(Stored items)
= Beginning of Section =

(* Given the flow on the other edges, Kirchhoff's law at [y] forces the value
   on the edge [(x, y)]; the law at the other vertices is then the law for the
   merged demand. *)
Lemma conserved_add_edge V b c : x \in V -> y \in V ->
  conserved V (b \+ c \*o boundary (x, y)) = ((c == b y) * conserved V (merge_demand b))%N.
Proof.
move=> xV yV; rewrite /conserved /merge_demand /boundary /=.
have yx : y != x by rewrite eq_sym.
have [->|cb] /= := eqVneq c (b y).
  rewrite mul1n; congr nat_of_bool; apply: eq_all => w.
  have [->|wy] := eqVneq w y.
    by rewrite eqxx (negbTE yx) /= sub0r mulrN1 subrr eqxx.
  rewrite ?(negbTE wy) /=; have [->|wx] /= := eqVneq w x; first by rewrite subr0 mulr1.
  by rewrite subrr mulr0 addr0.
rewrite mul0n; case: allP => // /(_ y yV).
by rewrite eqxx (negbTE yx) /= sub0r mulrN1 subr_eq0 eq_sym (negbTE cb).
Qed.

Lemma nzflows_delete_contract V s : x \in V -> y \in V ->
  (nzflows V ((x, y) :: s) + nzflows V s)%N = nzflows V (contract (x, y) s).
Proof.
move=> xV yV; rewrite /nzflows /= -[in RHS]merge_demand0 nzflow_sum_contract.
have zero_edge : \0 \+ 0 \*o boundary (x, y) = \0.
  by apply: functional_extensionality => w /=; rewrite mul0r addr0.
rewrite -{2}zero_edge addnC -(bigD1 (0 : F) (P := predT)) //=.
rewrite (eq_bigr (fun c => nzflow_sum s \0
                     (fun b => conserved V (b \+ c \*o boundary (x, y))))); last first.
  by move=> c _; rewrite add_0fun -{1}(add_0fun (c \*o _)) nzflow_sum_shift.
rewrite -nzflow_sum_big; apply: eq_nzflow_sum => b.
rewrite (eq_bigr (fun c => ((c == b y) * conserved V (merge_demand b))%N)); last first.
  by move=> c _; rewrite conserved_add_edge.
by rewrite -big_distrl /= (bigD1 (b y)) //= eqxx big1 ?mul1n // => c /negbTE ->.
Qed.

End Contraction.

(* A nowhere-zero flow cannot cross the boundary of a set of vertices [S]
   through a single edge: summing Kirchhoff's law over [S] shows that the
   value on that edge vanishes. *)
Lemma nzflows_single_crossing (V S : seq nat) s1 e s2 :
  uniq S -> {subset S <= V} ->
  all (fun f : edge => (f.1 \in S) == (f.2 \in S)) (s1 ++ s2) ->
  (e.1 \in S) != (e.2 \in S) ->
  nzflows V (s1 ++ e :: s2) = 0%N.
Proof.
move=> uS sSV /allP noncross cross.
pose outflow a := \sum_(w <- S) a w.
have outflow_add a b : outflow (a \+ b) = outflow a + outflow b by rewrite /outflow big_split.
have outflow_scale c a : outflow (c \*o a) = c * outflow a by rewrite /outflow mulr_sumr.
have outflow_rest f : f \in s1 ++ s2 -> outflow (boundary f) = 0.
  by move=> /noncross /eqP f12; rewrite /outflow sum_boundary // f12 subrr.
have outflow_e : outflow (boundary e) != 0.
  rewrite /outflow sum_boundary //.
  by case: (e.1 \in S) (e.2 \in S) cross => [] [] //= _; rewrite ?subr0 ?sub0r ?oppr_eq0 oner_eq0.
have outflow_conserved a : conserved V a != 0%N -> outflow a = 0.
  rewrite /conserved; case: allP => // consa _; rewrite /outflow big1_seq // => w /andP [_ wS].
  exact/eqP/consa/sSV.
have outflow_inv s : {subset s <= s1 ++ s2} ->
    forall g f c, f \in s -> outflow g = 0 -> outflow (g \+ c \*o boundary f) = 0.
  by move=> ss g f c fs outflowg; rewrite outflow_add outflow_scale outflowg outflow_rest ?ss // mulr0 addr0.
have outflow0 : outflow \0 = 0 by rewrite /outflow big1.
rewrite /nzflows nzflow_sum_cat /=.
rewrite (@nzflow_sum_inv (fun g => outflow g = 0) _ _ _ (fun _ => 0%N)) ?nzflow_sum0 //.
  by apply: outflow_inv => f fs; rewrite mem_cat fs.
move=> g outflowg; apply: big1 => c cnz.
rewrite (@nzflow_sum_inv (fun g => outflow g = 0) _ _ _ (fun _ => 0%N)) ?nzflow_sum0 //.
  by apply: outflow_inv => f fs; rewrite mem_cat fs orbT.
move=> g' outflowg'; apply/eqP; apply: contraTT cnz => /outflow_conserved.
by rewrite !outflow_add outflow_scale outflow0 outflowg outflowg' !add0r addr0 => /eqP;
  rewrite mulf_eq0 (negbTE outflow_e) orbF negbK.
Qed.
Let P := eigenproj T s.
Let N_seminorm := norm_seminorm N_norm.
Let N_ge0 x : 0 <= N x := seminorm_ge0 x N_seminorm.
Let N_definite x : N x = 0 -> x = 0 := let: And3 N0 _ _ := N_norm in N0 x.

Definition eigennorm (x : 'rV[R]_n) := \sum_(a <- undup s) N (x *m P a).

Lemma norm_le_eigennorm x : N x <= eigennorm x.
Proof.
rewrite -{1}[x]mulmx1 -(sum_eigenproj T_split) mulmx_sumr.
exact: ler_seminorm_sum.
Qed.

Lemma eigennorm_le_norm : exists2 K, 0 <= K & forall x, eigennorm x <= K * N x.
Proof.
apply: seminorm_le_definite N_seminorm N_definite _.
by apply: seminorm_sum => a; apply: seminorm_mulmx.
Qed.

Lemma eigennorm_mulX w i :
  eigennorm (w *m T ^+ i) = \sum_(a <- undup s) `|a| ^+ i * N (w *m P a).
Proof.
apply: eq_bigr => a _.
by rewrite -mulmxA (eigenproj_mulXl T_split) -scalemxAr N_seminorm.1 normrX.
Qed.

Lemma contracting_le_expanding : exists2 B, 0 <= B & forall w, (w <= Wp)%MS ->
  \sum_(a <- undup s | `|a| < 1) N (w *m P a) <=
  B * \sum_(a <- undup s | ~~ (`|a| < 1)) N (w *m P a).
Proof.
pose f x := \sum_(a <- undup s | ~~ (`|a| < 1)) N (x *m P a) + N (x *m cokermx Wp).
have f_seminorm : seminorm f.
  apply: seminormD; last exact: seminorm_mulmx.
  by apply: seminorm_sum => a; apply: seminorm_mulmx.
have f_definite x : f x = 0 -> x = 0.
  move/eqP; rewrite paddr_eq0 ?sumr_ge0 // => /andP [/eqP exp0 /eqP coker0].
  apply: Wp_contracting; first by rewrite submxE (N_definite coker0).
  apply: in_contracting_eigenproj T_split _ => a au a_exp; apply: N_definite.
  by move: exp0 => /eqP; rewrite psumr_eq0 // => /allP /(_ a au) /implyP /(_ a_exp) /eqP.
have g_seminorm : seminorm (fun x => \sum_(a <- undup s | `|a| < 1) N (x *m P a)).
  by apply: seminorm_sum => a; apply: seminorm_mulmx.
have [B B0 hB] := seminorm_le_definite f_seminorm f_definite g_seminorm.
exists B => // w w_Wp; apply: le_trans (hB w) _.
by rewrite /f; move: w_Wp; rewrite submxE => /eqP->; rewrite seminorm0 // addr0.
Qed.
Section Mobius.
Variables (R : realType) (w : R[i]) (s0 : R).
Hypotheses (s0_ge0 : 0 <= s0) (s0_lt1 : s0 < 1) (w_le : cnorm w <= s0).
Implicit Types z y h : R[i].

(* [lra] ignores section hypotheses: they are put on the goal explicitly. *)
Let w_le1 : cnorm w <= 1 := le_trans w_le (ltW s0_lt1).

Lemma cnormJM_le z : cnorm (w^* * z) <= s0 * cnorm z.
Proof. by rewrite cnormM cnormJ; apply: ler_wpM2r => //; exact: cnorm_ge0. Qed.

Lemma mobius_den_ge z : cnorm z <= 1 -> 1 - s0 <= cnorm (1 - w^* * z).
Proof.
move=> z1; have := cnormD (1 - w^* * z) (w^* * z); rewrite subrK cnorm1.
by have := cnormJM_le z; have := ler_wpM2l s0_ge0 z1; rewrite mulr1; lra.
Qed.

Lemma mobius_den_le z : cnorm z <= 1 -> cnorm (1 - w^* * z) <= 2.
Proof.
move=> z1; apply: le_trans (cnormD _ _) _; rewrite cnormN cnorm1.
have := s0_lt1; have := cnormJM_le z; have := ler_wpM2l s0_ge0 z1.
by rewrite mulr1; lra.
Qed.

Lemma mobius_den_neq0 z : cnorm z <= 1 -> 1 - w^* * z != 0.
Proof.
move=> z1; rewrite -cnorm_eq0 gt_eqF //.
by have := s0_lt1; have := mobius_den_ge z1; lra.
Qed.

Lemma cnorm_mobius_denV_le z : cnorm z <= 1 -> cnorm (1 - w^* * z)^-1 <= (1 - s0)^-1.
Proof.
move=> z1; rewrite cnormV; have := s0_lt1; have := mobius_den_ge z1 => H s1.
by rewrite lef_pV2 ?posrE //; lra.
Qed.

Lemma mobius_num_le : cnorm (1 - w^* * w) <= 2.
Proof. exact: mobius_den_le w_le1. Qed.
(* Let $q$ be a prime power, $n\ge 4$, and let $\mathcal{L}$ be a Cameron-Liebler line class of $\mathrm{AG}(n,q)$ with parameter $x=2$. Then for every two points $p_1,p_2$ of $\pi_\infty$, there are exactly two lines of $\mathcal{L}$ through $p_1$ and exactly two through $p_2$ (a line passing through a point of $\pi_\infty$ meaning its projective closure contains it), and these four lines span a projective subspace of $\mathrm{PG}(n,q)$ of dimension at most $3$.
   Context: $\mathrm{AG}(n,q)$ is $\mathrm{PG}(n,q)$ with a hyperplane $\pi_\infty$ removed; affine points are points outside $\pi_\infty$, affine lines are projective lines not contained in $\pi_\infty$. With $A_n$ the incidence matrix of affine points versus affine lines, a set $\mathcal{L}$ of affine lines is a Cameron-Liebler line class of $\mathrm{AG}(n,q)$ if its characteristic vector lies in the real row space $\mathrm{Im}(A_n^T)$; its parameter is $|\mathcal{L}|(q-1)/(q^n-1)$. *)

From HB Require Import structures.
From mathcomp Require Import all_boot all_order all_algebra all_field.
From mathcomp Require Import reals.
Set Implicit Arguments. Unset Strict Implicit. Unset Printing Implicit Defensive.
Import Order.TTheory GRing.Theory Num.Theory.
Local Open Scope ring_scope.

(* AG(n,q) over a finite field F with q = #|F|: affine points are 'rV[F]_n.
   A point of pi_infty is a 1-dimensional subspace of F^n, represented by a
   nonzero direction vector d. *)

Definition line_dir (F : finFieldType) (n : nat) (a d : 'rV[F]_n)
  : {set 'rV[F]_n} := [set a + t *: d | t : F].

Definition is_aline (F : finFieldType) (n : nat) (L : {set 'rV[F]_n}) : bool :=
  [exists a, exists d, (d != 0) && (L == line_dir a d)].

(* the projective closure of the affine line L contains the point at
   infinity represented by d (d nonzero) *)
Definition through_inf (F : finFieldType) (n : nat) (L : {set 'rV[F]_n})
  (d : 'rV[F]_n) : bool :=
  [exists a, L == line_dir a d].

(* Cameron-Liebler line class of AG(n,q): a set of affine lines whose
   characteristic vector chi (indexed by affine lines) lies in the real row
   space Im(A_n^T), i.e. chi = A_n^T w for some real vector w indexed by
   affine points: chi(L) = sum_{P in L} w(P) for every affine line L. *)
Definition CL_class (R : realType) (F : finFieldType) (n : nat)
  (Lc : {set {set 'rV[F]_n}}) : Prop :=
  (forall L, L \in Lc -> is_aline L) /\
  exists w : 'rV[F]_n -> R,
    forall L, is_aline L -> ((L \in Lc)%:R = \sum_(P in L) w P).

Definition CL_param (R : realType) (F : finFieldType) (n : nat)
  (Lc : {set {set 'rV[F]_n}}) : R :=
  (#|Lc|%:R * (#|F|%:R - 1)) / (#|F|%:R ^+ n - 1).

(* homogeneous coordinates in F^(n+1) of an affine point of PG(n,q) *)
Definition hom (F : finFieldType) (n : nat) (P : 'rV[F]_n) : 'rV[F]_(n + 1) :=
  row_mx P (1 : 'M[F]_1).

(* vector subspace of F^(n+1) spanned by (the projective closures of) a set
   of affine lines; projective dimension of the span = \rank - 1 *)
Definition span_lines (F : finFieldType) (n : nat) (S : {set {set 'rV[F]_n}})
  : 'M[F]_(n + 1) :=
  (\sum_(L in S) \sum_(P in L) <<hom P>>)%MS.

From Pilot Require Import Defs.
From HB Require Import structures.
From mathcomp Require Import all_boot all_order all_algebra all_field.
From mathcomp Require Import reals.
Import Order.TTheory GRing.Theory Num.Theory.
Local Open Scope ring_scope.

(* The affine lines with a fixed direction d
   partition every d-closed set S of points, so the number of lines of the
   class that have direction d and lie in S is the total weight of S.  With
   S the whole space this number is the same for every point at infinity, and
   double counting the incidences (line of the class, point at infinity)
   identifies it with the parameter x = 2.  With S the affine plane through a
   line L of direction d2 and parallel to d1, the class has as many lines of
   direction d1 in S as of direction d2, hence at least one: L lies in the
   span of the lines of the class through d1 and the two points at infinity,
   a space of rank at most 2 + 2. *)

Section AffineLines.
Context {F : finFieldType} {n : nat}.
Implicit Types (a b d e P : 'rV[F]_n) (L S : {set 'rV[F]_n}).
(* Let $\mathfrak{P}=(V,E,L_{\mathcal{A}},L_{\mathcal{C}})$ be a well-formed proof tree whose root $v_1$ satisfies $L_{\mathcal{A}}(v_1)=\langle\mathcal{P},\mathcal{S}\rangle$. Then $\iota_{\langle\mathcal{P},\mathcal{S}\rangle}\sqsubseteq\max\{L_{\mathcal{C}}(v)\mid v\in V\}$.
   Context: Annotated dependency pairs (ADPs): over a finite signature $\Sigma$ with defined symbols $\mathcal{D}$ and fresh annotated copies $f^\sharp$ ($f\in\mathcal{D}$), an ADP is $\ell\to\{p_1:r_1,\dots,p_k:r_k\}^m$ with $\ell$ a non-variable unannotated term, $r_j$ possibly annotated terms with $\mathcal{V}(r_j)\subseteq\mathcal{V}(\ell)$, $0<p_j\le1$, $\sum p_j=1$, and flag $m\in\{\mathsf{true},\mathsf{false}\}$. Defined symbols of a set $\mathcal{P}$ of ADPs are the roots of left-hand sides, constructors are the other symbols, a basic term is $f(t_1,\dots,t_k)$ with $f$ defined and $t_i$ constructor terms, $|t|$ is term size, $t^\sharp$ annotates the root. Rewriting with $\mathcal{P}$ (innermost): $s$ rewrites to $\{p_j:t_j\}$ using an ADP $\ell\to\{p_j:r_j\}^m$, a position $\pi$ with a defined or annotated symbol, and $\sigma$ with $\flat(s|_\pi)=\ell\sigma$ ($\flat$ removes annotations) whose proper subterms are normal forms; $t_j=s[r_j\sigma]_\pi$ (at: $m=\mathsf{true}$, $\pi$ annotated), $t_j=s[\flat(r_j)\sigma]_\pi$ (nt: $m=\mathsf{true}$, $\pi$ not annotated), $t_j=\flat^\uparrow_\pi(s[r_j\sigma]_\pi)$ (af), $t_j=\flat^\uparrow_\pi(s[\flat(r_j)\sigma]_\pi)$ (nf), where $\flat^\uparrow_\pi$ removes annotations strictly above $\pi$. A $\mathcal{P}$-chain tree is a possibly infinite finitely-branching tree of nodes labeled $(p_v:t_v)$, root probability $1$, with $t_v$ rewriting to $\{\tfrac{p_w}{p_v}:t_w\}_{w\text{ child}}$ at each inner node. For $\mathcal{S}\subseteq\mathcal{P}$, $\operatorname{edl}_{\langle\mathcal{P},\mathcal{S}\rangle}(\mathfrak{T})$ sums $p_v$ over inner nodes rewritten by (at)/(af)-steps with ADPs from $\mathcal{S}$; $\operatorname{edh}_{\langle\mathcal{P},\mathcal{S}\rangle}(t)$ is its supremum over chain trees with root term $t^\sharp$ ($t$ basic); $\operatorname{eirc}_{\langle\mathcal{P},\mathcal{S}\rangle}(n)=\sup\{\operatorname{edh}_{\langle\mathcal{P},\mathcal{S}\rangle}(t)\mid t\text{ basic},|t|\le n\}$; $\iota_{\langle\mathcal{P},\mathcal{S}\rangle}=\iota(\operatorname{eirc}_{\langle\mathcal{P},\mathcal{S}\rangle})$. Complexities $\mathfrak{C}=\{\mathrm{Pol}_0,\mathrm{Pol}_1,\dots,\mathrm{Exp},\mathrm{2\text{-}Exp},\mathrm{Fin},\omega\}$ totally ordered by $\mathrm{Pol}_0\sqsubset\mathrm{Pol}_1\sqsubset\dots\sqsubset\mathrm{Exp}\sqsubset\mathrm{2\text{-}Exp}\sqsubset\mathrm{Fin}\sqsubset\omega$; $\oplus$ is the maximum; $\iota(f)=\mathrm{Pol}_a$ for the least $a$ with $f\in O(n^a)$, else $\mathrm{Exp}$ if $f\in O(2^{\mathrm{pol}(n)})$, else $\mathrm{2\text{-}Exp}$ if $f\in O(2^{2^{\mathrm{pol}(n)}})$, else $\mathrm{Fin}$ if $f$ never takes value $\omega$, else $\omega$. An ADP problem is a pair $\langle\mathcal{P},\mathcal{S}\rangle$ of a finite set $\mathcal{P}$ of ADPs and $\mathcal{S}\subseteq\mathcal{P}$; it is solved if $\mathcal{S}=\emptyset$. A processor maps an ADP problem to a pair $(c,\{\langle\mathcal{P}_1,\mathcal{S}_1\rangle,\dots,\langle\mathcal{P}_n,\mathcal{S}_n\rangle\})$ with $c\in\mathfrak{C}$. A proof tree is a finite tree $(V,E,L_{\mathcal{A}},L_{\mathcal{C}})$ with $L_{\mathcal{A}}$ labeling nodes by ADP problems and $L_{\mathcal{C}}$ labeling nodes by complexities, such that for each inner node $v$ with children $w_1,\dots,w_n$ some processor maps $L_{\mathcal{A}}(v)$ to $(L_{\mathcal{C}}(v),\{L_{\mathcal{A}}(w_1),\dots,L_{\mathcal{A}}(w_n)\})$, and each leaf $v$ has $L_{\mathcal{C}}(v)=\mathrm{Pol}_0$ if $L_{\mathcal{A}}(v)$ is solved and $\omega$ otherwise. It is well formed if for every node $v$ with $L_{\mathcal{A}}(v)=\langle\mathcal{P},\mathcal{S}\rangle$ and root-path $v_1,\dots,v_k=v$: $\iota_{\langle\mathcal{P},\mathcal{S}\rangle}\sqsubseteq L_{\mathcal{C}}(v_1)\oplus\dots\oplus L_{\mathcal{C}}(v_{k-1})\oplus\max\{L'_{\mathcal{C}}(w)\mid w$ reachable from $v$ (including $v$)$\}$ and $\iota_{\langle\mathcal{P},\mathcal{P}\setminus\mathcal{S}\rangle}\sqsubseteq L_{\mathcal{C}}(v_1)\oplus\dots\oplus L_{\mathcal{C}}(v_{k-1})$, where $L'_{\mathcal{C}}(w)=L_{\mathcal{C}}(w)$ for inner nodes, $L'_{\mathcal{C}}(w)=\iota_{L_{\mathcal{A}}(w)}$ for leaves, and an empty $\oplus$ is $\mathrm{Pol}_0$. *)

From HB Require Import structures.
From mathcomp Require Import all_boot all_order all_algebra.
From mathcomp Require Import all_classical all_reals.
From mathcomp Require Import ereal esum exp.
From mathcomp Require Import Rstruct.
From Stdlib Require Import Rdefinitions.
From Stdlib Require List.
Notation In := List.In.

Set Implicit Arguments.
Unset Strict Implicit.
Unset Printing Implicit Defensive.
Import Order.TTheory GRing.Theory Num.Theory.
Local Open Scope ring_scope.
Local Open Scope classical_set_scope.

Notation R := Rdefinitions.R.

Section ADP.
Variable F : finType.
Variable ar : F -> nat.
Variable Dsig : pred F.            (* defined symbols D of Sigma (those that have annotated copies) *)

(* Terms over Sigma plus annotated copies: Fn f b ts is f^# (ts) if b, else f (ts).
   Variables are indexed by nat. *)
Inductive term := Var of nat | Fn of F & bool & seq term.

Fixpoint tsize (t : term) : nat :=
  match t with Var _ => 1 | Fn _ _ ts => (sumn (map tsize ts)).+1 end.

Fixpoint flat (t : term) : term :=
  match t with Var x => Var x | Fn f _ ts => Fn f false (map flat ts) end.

= End of Section =

In restating the data, begin at its first line, reproduce each line word for word, and conclude with the line that contains "have [->|wy] := eqVneq w y.".

(* Given the flow on the other edges, Kirchhoff's law at [y] forces the value
   on the edge [(x, y)]; the law at the other vertices is then the law for the
   merged demand. *)
Lemma conserved_add_edge V b c : x \in V -> y \in V ->
  conserved V (b \+ c \*o boundary (x, y)) = ((c == b y) * conserved V (merge_demand b))%N.
Proof.
move=> xV yV; rewrite /conserved /merge_demand /boundary /=.
have yx : y != x by rewrite eq_sym.
have [->|cb] /= := eqVneq c (b y).
  rewrite mul1n; congr nat_of_bool; apply: eq_all => w.
  have [->|wy] := eqVneq w y.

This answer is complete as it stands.